SurfSplat: Conquering Feedforward 2D Gaussian Splatting with Surface Continuity Priors¶
Conference: ICLR 2026 arXiv: 2602.02000 Code: https://hebing-sjtu.github.io/SurfSplat-website/ Area: 3D Vision Keywords: 2D Gaussian Splatting, feedforward 3D reconstruction, surface continuity, high-resolution rendering consistency, sparse-view
TL;DR¶
SurfSplat proposes a feedforward 3D reconstruction framework based on 2DGS that binds Gaussian rotation and scale to local neighborhood positions via surface continuity priors, resolves color bias through a forced alpha blending strategy, and introduces the HRRC metric to reveal reconstruction quality discrepancies at high resolutions.
Background & Motivation¶
Existing feedforward 3DGS methods appear to achieve strong NVS metrics at standard resolution, yet suffer from a critical overlooked problem:
Degenerate 3D scenes: Reconstructions are effectively discrete, color-biased point clouds rather than continuous surfaces, exposing severe artifacts (holes, color bias, surface discontinuities) under close-up or off-axis viewpoints.

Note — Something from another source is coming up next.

(* CTL*$_{cd}$ has a tree-like model property: every satisfiable CTL*$_{cd}$ state formula $\varphi$ is satisfied (i.e. $\mathcal K\models\varphi$) by some Kripke structure $\mathcal K$ that is a tree with back edges.
   Context: A Kripke structure over a finite set $AP$ of atomic propositions is a tuple $\mathcal K=(AP,W,R,L,w_I)$ where $W$ is a countable non-empty set of worlds, $w_I\in W$ is the initial world, $R\subseteq W\times W$ is a left-total transition relation (every world has at least one $R$-successor), and $L:W\to 2^{AP}$ is a labelling function. A path is an infinite sequence $\pi=\pi_0\pi_1\cdots$ of worlds with $(\pi_i,\pi_{i+1})\in R$ for all $i\in\mathbb N$; $\mathrm{Pth}(w)$ is the set of paths with $\pi_0=w$. A path $\pi$ is a cycle if for every $i\in\mathbb N$ there is $j>i$ with $\pi_j=\pi_0$ (i.e. $\pi_0$ occurs infinitely often in $\pi$); $\mathrm{Cyc}(w)$ is the set of cycles with $\pi_0=w$. Syntax of CTL*$_{cd}$: state formulas $\varphi::=p\mid\neg\varphi\mid\varphi\wedge\varphi\mid\varphi\vee\varphi\mid \mathsf E\psi\mid\mathsf A\psi\mid\mathsf E^{c}\psi\mid\mathsf A^{c}\psi$ with $p\in AP$; path formulas $\psi::=\varphi\mid\neg\psi\mid\psi\wedge\psi\mid\psi\vee\psi\mid\mathsf X\psi\mid\psi\,\mathsf U\,\psi$. Semantics: $\mathcal K,w\models p$ iff $p\in L(w)$; Boolean connectives as usual; $\mathcal K,w\models\mathsf E\psi$ iff some $\pi\in\mathrm{Pth}(w)$ has $\mathcal K,\pi,0\models\psi$; $\mathcal K,w\models\mathsf A\psi$ iff every $\pi\in\mathrm{Pth}(w)$ has $\mathcal K,\pi,0\models\psi$; $\mathcal K,w\models\mathsf E^{c}\psi$ iff some $\pi\in\mathrm{Cyc}(w)$ has $\mathcal K,\pi,0\models\psi$; $\mathcal K,w\models\mathsf A^{c}\psi$ iff every $\pi\in\mathrm{Cyc}(w)$ has $\mathcal K,\pi,0\models\psi$. For paths: $\mathcal K,\pi,i\models\varphi$ (state formula) iff $\mathcal K,\pi_i\models\varphi$; Boolean connectives as usual; $\mathcal K,\pi,i\models\mathsf X\psi$ iff $\mathcal K,\pi,i+1\models\psi$; $\mathcal K,\pi,i\models\psi_1\mathsf U\psi_2$ iff there is $k\ge0$ with $\mathcal K,\pi,i+k\models\psi_2$ and $\mathcal K,\pi,i+j\models\psi_1$ for all $0\le j<k$. $\mathcal K\models\varphi$ iff $\mathcal K,w_I\models\varphi$. A state formula is satisfiable if $\mathcal K\models\varphi$ for some Kripke structure $\mathcal K$. A Kripke structure $\mathcal K=(AP,W,R,L,w_I)$ is a tree with back edges if there exist a relation $R_0\subseteq W\times W$ and a partial map $f:W\to W$ such that: (i) $(W,R_0)$ is a tree with root $w_I$ ($R_0$ being the child relation); (ii) $R=R_0\cup\{(w,f(w)) : w\in\mathrm{dom}(f)\}$; (iii) for every $w\in\mathrm{dom}(f)$, $f(w)$ is an ancestor of $w$ in the tree, i.e. $(f(w),w)\in R_0^+$ (with $R_0^+$ the transitive closure of $R_0$); (iv) for all $w_1,w_2\in W$, if $f(w_1)$ is defined and $(f(w_2),w_1)\in R_0^+$ and $(w_1,w_2)\in R_0^+$, then $f(w_1)=f(w_2)$. *)

From Stdlib Require Import List Relations.
Set Implicit Arguments.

Underutilized anisotropy: Learnable Gaussians struggle to disentangle geometry and texture through gradient supervision alone, causing Gaussians to degenerate toward near-spherical shapes.
Metric failure: Standard PSNR/SSIM/LPIPS at native resolution cannot capture geometric inaccuracies, masking true reconstruction quality.
The authors observe that directly training 2DGS is more challenging than 3DGS — the planar nature of 2D Gaussians causes small geometric perturbations to produce large deviations in rendered output, a problem exacerbated under limited supervision.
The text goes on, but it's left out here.